The exact causes of CFS/ME are not clear, but one of the main hypotheses is that it comes from an abnormal immune response to common pathogens, such as our old friend EBV. There's also fibromyalgia, which is similar to CFS/ME, but doesn't have the same negative results when diagnosed patients exercise. Both of these conditions are often used as "wastebasket diagnoses" for symptoms doctors can't entirely pinpoint, or don't have diagnostics for. But the similarity of its symptoms, plus an association between pathogens and later diagnoses, seems to suggest that there may well be a post-infection aspect to the condition too.

For example, a study from October 2021 found that after an outbreak of Giardia lamblia infections in Belgium in 2004, 8.6% of people infected went on to have a diagnosis of fibromyalgia ten years later. In those who weren’t infected, only 3.1% developed fibro. Giardia is a single-celled parasite akin to malaria, not a virus. But infection could spark some kind of similar stress or reaction in the body. Some academics have noted the similarities between fibromyalgia, CFS and long COVID. And a few have even proposed that they might all be the same post-infection condition.

Or at least the same flavor. What does this tell us? While it helps to draw parallels between these diagnoses, and we have some research to sift through that might help with long COVID, there’s still a lot we just don’t understand about post-infection syndromes. In part, that’s because the symptoms are so varied. But it’s also unfortunately in part due to stigma and misclassification of these symptoms as psychological, especially in fibro, among women and patients assigned female at birth. More women are being diagnosed with long COVID, which could mean they face similar stigma.

But if the parallels to CFS/ME and fibro hold, it could be that long COVID might finally help bring an end to the stigma around these diagnoses, and get needed support to these patients who are often overlooked. It might mean that understanding the causes of long COVID could in turn give us treatments for potentially identical issues that, so far at least, have been classified as fibro or CFS/ME. With long COVID being so widespread, prevalent and impossible to shrug off, it’s even possible that this might be the moment that attracts the right research funding and scientific interest to get to the bottom of what causes post-infection issues, and how we might finally treat them. Until then, vaccines and any necessary booster shots, and following public health recommendations, remain the most effective tools to help slow the spread of the virus. And for now, we’re going to have to wrangle with the practicalities of treatment and support for those with long COVID.

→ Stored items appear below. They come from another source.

Lemma simplexP c : is_simplex c <->
  [/\ c != set0, forall P, P \in c -> proper_part P &
      forall P Q, P \in c -> Q \in c -> refines P Q || refines Q P].
Proof.
rewrite /is_simplex; split.
  case/and3P => c0 /forall_inP c_prop /forall_inP c_chain; split => // P Q Pc Qc.
  by move: (c_chain P Pc) => /forall_inP; apply.
case=> c0 c_prop c_chain; rewrite c0 /=; apply/andP; split; apply/forall_inP => // P Pc.
by apply/forall_inP => Q Qc; apply: c_chain.
Qed.

Lemma F0_subset c d : in_F0 c -> d \subset c -> d != set0 -> in_F0 d.
Proof.
case=> /simplexP[_ c_prop c_chain] cV dc d0; split.
  apply/simplexP; split => // [P Pd|P Q Pd Qd]; first exact/c_prop/(subsetP dc).
  by apply: c_chain; apply: (subsetP dc).
by move=> P Pd; apply/cV/(subsetP dc).
Qed.

Definition in_Vb P : bool :=
  [exists x : 'I_n, exists y : 'I_n, [&& val x == 0, x != y &
    P == [set [set x; y]] :|: [set [set z] | z in ~: [set x; y]]]].

Lemma in_VP P : reflect (in_V P) (in_Vb P).
Proof.
apply: (iffP existsP) => [[x /existsP[y /and3P[/eqP x0 xy /eqP PE]]]|[x [y [x0 xy PE]]]].
  by exists x, y.
by exists x; apply/existsP; exists y; apply/and3P; split => //; apply/eqP.
Qed.

Definition in_F0b c : bool := is_simplex c && [forall P in c, ~~ in_Vb P].

Lemma in_F0P c : reflect (in_F0 c) (in_F0b c).
Proof.
apply: (iffP andP) => [[c_simp /forall_inP cV]|[c_simp cV]]; split => //.
  by move=> P Pc /in_VP; apply/negP/cV.
by apply/forall_inP => P Pc; apply/in_VP/cV.
Qed.

Section Action.
Local Open Scope group_scope.
Implicit Type t : {perm 'I_n}.

Lemma act_partE t P : act_part t P = [set t @: (B : {set 'I_n}) | B in P].
Proof. by []. Qed.

Lemma imset_perm_inj t : injective (fun B : {set 'I_n} => t @: B).
Proof. exact/imset_inj/perm_inj. Qed.

Lemma mem_act_part t P (B : {set 'I_n}) : (t @: B \in act_part t P) = (B \in P).
Proof. by rewrite act_partE mem_imset //; apply: imset_perm_inj. Qed.

Lemma act_partK t : cancel (act_part t) (act_part t^-1).
Proof.
move=> P; rewrite !act_partE -imset_comp -[RHS]imset_id; apply: eq_imset => B /=.
by rewrite -imset_comp -[RHS]imset_id; apply: eq_imset => x /=; rewrite permK.
Qed.

Lemma act_part_inj t : injective (act_part t).
Proof. exact: can_inj (act_partK t). Qed.

Lemma act_setpart t P : is_setpart (act_part t P) = is_setpart P.
Proof.
rewrite /is_setpart act_partE -[X in partition _ X](imset_perm_setT t).
exact/imset_partition/perm_inj.
Qed.

Lemma act_part_min t : act_part t (part_min n) = part_min n.
Proof.
rewrite act_partE /part_min -imset_comp (eq_imset _ (imset_set1 t)).
rewrite (imset_comp (@set1 _) t); apply/setP => D.
apply/imsetP/imsetP => [[x _ ->]|[x _ ->]]; first by exists x.
by exists x => //; apply/imsetP; exists (t^-1 x) => //; rewrite permKV.
Qed.

Lemma act_part_max t : act_part t (part_max n) = part_max n.
Proof. by rewrite act_partE /part_max imset_set1 imset_perm_setT. Qed.

Lemma act_proper t P : proper_part (act_part t P) = proper_part P.
Proof.
rewrite /proper_part act_setpart -{1}(act_part_min t) -{1}(act_part_max t).
by rewrite !(inj_eq (@act_part_inj t)).
Qed.

Lemma act_refines t P Q : refines P Q -> refines (act_part t P) (act_part t Q).
Proof.
move=> /forall_inP PQ; apply/forall_inP => D; rewrite act_partE => /imsetP[B BP ->].
have /exists_inP[C CQ BC] := PQ B BP; apply/exists_inP; exists (t @: C).
  by rewrite mem_act_part.
exact: imsetS.
Qed.

Lemma act_refinesE t P Q : refines (act_part t P) (act_part t Q) = refines P Q.
Proof.
apply/idP/idP; last exact: act_refines.
by move/(act_refines t^-1); rewrite !act_partK.
Qed.

Lemma in_S1Sn1V t : in_S1Sn1 t -> in_S1Sn1 t^-1.
Proof. by move=> t_fix i i0; rewrite -{1}(t_fix i i0) permK. Qed.

Lemma act_V t P : in_S1Sn1 t -> in_V P -> in_V (act_part t P).
Proof.
move=> t_fix [x [y [x0 xy ->]]]; have tx := t_fix x x0.
exists x, (t y); split => //; first by rewrite -{1}tx (inj_eq perm_inj).
rewrite act_partE imsetU imset_set1 -imset_comp (eq_imset _ (imset_set1 t)).
by rewrite (imset_comp (@set1 _) t) imset_perm_setC !imsetU1 !imset_set1 tx.
Qed.

Lemma act_simplexE t c : act_simplex t c = act_part t @: c.
Proof. by []. Qed.

Lemma mem_act_simplex t c P : (act_part t P \in act_simplex t c) = (P \in c).
Proof. by rewrite act_simplexE mem_imset //; apply: act_part_inj. Qed.

Lemma act_F0 t c : in_S1Sn1 t -> in_F0 c -> in_F0 (act_simplex t c).
Proof.
move=> t_fix [/simplexP[c0 c_prop c_chain] cV]; split.
  apply/simplexP; split; first by rewrite act_simplexE imset_eq0.
    by move=> Q /imsetP[P Pc ->]; rewrite act_proper c_prop.
  by move=> Q R /imsetP[P Pc ->] /imsetP[P' P'c ->]; rewrite !act_refinesE c_chain.
move=> Q /imsetP[P Pc ->] /(act_V (in_S1Sn1V t_fix)); rewrite act_partK; exact: cV.
Qed.
End Action.

Section Isolation.
Variable x0 : 'I_n.
Hypothesis val_x0 : val x0 = 0.

Definition isolated P := [set x0] \in P.

Definition isolate P : part_t n :=
  [set [set x0]] :|: ([set B :\ x0 | B in P] :\ set0).

Definition alpha : part_t n := [set [set x0]; ~: [set x0]].

Lemma isolated_refines P Q : is_setpart P -> is_setpart Q ->
  refines P Q -> isolated Q -> isolated P.
Proof.
move=> /setpartP[_ Pcov _] /setpartP[_ _ Quniq] /forall_inP PQ Qx0.
have [B BP x0B] := Pcov x0; have /exists_inP[C CQ BC] := PQ B BP.
have CE : C = [set x0] by apply: (Quniq C _ x0) => //; [apply: (subsetP BC) | rewrite inE].
suff BE : B = [set x0] by rewrite /isolated -BE.
by apply/eqP; rewrite eqEsubset -CE BC /= CE sub1set.
Qed.

Lemma in_isolate P D : D \in isolate P =
  (D == [set x0]) || ((D != set0) && (D \in [set B :\ x0 | B in P])).
Proof. by rewrite !inE. Qed.

Lemma isolated_isolate P : isolated (isolate P).
Proof. by rewrite /isolated in_isolate eqxx. Qed.

Lemma mem_isolate P B : B \in P -> B :\ x0 != set0 -> B :\ x0 \in isolate P.
Proof. by move=> BP B0; rewrite in_isolate B0; apply/orP; right; apply: imset_f. Qed.

Lemma mem_isolate_avoid P C : C \in P -> C != set0 -> x0 \notin C -> C \in isolate P.
Proof.
move=> CP C0 x0C; have CE : C :\ x0 = C by apply/setDidPl; rewrite disjoint_sym disjoints1.
by rewrite -CE mem_isolate ?CE.
Qed.

Lemma isolate_setpart P : is_setpart P -> is_setpart (isolate P).
Proof.
move=> /setpartP[P0 Pcov Puniq]; apply/setpartP; split.
- rewrite in_isolate eqxx andFb orbF; apply/negP => /eqP/setP/(_ x0).
  by rewrite !inE eqxx.
- move=> x; have [->|xx0] := eqVneq x x0.
    by exists [set x0]; rewrite ?in_isolate ?eqxx ?inE.
  have [B BP xB] := Pcov x; exists (B :\ x0); last by rewrite !inE xx0.
  by apply: mem_isolate => //; apply/set0Pn; exists x; rewrite !inE xx0.
- move=> B C x; rewrite !in_isolate.
  case/orP => [/eqP->|/andP[_ /imsetP[B' B'P ->]]];
  case/orP => [/eqP->|/andP[_ /imsetP[C' C'P ->]]] //.
  + by rewrite inE => /eqP->; rewrite !inE eqxx.
  + by move=> /[swap]; rewrite inE => /eqP->; rewrite !inE eqxx.
  + by move=> /setD1P[_ xB] /setD1P[_ xC]; rewrite (Puniq B' C' x).
Qed.

Lemma isolate_refines P : is_setpart P -> refines (isolate P) P.
Proof.
move=> /setpartP[_ Pcov _]; apply/forall_inP => D; rewrite in_isolate.
case/orP => [/eqP->|/andP[_ /imsetP[B BP ->]]].
  by have [B BP x0B] := Pcov x0; apply/exists_inP; exists B; rewrite // sub1set.
by apply/exists_inP; exists B => //; apply: subD1set.
Qed.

The sheer number of patients mean that existing disability services are likely to be overwhelmed and we will need more capacity to be able to assist everyone who needs it. Some doctors note that there was initially a big push to use exercise therapy to treat those with long COVID, but it’s since become evident that many experience adverse effects from exertion, just like in CFS/ME. We still have a lot to learn. One thing is clear: many with long COVID, like those with post-infection symptoms in years gone by, have found themselves having to adjust to new capabilities. But this influx of people likely represents an influx of research. And maybe that will benefit the disability community at large. Because that means we can work on improving treatments and accessibility for everyone. Whether they have long COVID or not.